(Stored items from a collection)
(* Let $n\geq 3$. There exists an $(S_1\times S_{n-1})$-equivariant acyclic matching on the face poset of $\Delta(\overline{\Pi}_n)$ such that the set of critical simplices is $C_n\cup\{\alpha_n\}$.
   Context: $\Pi_n$ is the poset of all set partitions of $[n]=\{1,\dots,n\}$ ordered by refinement (finer is smaller), and $\overline{\Pi}_n$ is obtained by removing the minimum $\{\{1\},\dots,\{n\}\}$ and maximum $\{[n]\}$. $\Delta(\overline{\Pi}_n)$ is its nerve (order complex): its simplices are the nonempty chains $x_0<x_1<\dots<x_k$ of $\overline{\Pi}_n$ (of dimension $k$), and its face poset is the set of these simplices ordered by inclusion. $S_n$ acts on $[n]$, hence on $\overline{\Pi}_n$ and on $\Delta(\overline{\Pi}_n)$; $S_1\times S_{n-1}=\{\sigma\in S_n\mid\sigma(1)=1\}$. Let $A$ be the set of partitions in $\overline{\Pi}_n$ in which every block not containing $1$ is a singleton; $C_n$ is the set of simplices of dimension $n-3$ all of whose vertices lie in $A$; $\alpha_n$ is the vertex (0-simplex) $\{\{1\},\{2,\dots,n\}\}$. A partial matching on a poset is a set of pairs $(a,b)$ with $b$ covering $a$ such that each element lies in at most one pair; it is acyclic if there is no cycle $b_1>a_1<b_2>a_2<\dots<b_t>a_t<b_1$, $t\ge2$, with distinct $b_i$ and $(a_i,b_i)$ in the matching; critical elements are the unmatched ones; a matching is $H$-equivariant if $(a,b)$ in it implies $(ha,hb)$ in it for all $h\in H$. *)

(* Elements 1..n of [n] are represented by 'I_n (value i <-> i+1). *)
From mathcomp Require Import all_boot fingroup perm.
Set Implicit Arguments. Unset Strict Implicit. Unset Printing Implicit Defensive.

Section PartitionLattice.
Variable n : nat.

Definition elt := 'I_n.
Definition setpart := {set {set elt}}.
Definition simplex := {set setpart}.

Definition is_one (i : elt) : bool := val i == 0.

Definition is_setpart (P : setpart) : bool := partition P [set: elt].

Definition refines (P Q : setpart) : bool :=
  [forall B in P, exists C in Q, B \subset C].

Definition finest : setpart := [set [set i] | i : elt].
Definition coarsest : setpart := [set [set: elt]].

Definition proper_part (P : setpart) : bool :=
  [&& is_setpart P, P != finest & P != coarsest].

Definition is_simplex (c : simplex) : bool :=
  [&& c != set0, [forall P in c, proper_part P] &
      [forall P in c, forall Q in c, refines P Q || refines Q P]].

Definition dim (c : simplex) : nat := #|c|.-1.

Definition covers (a b : simplex) : bool := (a \proper b) && (#|b| == #|a|.+1).

Definition fixes_one (s : {perm elt}) : bool := [forall i, is_one i ==> is_one (s i)].
Definition act_part (s : {perm elt}) (P : setpart) : setpart := [set (s @: B) | B : {set elt} in P].
Definition act_simplex (s : {perm elt}) (c : simplex) : simplex :=
  [set act_part s P | P in c].

Definition is_matching (M : {set simplex * simplex}) : bool :=
  [forall p in M, [&& is_simplex p.1, is_simplex p.2 & covers p.1 p.2]] &&
  [forall p in M, forall q in M,
     [&& (p.1 == q.1) ==> (p == q), (p.2 == q.2) ==> (p == q),
         p.1 != q.2 & p.2 != q.1]].

(* a cycle b_1 > a_1 < b_2 > a_2 < ... < b_t > a_t < b_1, t >= 2, distinct b_i,
   (a_i,b_i) in M; given as the sequence of pairs (a_i,b_i) *)
Definition is_cycle (M : {set simplex * simplex}) (s : seq (simplex * simplex)) : Prop :=
  [/\ 2 <= size s, all (fun p => p \in M) s, uniq (map snd s) &
      forall i, i < size s ->
        (nth (set0, set0) s i).1 \proper (nth (set0, set0) s (i.+1 %% size s)).2].

Definition acyclic (M : {set simplex * simplex}) : Prop :=
  forall s, ~ is_cycle M s.

Definition equivariant (M : {set simplex * simplex}) : Prop :=
  forall s : {perm elt}, fixes_one s ->
    forall p, p \in M -> (act_simplex s p.1, act_simplex s p.2) \in M.

Definition critical (M : {set simplex * simplex}) (c : simplex) : bool :=
  [forall p in M, (p.1 != c) && (p.2 != c)].

Definition in_A (P : setpart) : bool :=
  proper_part P && [forall B in P, ~~ [exists i in B, is_one i] ==> (#|B| == 1)].

Definition in_C (c : simplex) : bool :=
  [&& is_simplex c, dim c == n - 3 & [forall P in c, in_A P]].

Definition alpha : simplex :=
  [set [set [set i | is_one i]; [set i | ~~ is_one i]]].

End PartitionLattice.

From mathcomp Require Import all_boot fingroup perm zify.
Set Implicit Arguments. Unset Strict Implicit. Unset Printing Implicit Defensive.

(* Walk up the blocks of 1 in a chain [c] of proper partitions.  At level [B]
   (initially {1}) let [P] be the finest element of [c] whose block of 1
   strictly contains [B], or the one-block partition if there is none, and let
   [t] be [P] with [B] split off its block of 1; [t] is comparable with every
   element of [c].  If [t] lies in [A] then [P] is itself in [A], with block of
   1 equal to [B] plus one point, and the walk moves up to that block;
   otherwise [c] is matched with [c] plus or minus [t].  Toggling [t] does not
   change the walk, so this is a matching, and it commutes with permutations
   fixing 1.  A chain is unmatched when the walk passes through n - 2 elements
   of [A] (the chains of [C_n]), or when the partner would be empty, which
   happens only for [alpha_n].  Along a path b > a < b' of the matching the
   triple (size of the final level, number of elements of the chain above it,
   size of the chain) increases lexicographically, so there is no cycle. *)

Lemma imsetD1 (aT rT : finType) (f : aT -> rT) (A : {set aT}) x :
  injective f -> f @: (A :\ x) = f @: A :\ f x.
Proof.
move=> f_inj; apply/setP => y; rewrite !inE.
apply/imsetP/andP => [[z]|[yfx /imsetP[z zA yz]]].
  by rewrite !inE => /andP[zx zA] ->; rewrite (inj_eq f_inj) zx imset_f.
by exists z; rewrite // !inE zA andbT; apply: contra yfx => /eqP zx; rewrite yz zx.
Qed.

*Exercise goal*.
Above this instruction are the records; retype exactly the lines from the one containing "End PartitionLattice." up to and including the one containing "of [A] (the".

*Solution for this task*.
End PartitionLattice.

From mathcomp Require Import all_boot fingroup perm zify.
Set Implicit Arguments. Unset Strict Implicit. Unset Printing Implicit Defensive.

(* Walk up the blocks of 1 in a chain [c] of proper partitions.  At level [B]
   (initially {1}) let [P] be the finest element of [c] whose block of 1
   strictly contains [B], or the one-block partition if there is none, and let
   [t] be [P] with [B] split off its block of 1; [t] is comparable with every
   element of [c].  If [t] lies in [A] then [P] is itself in [A], with block of
   1 equal to [B] plus one point, and the walk moves up to that block;
   otherwise [c] is matched with [c] plus or minus [t].  Toggling [t] does not
   change the walk, so this is a matching, and it commutes with permutations
   fixing 1.  A chain is unmatched when the walk passes through n - 2 elements
   of [A] (the chains of [C_n]), or when the partner would be empty, which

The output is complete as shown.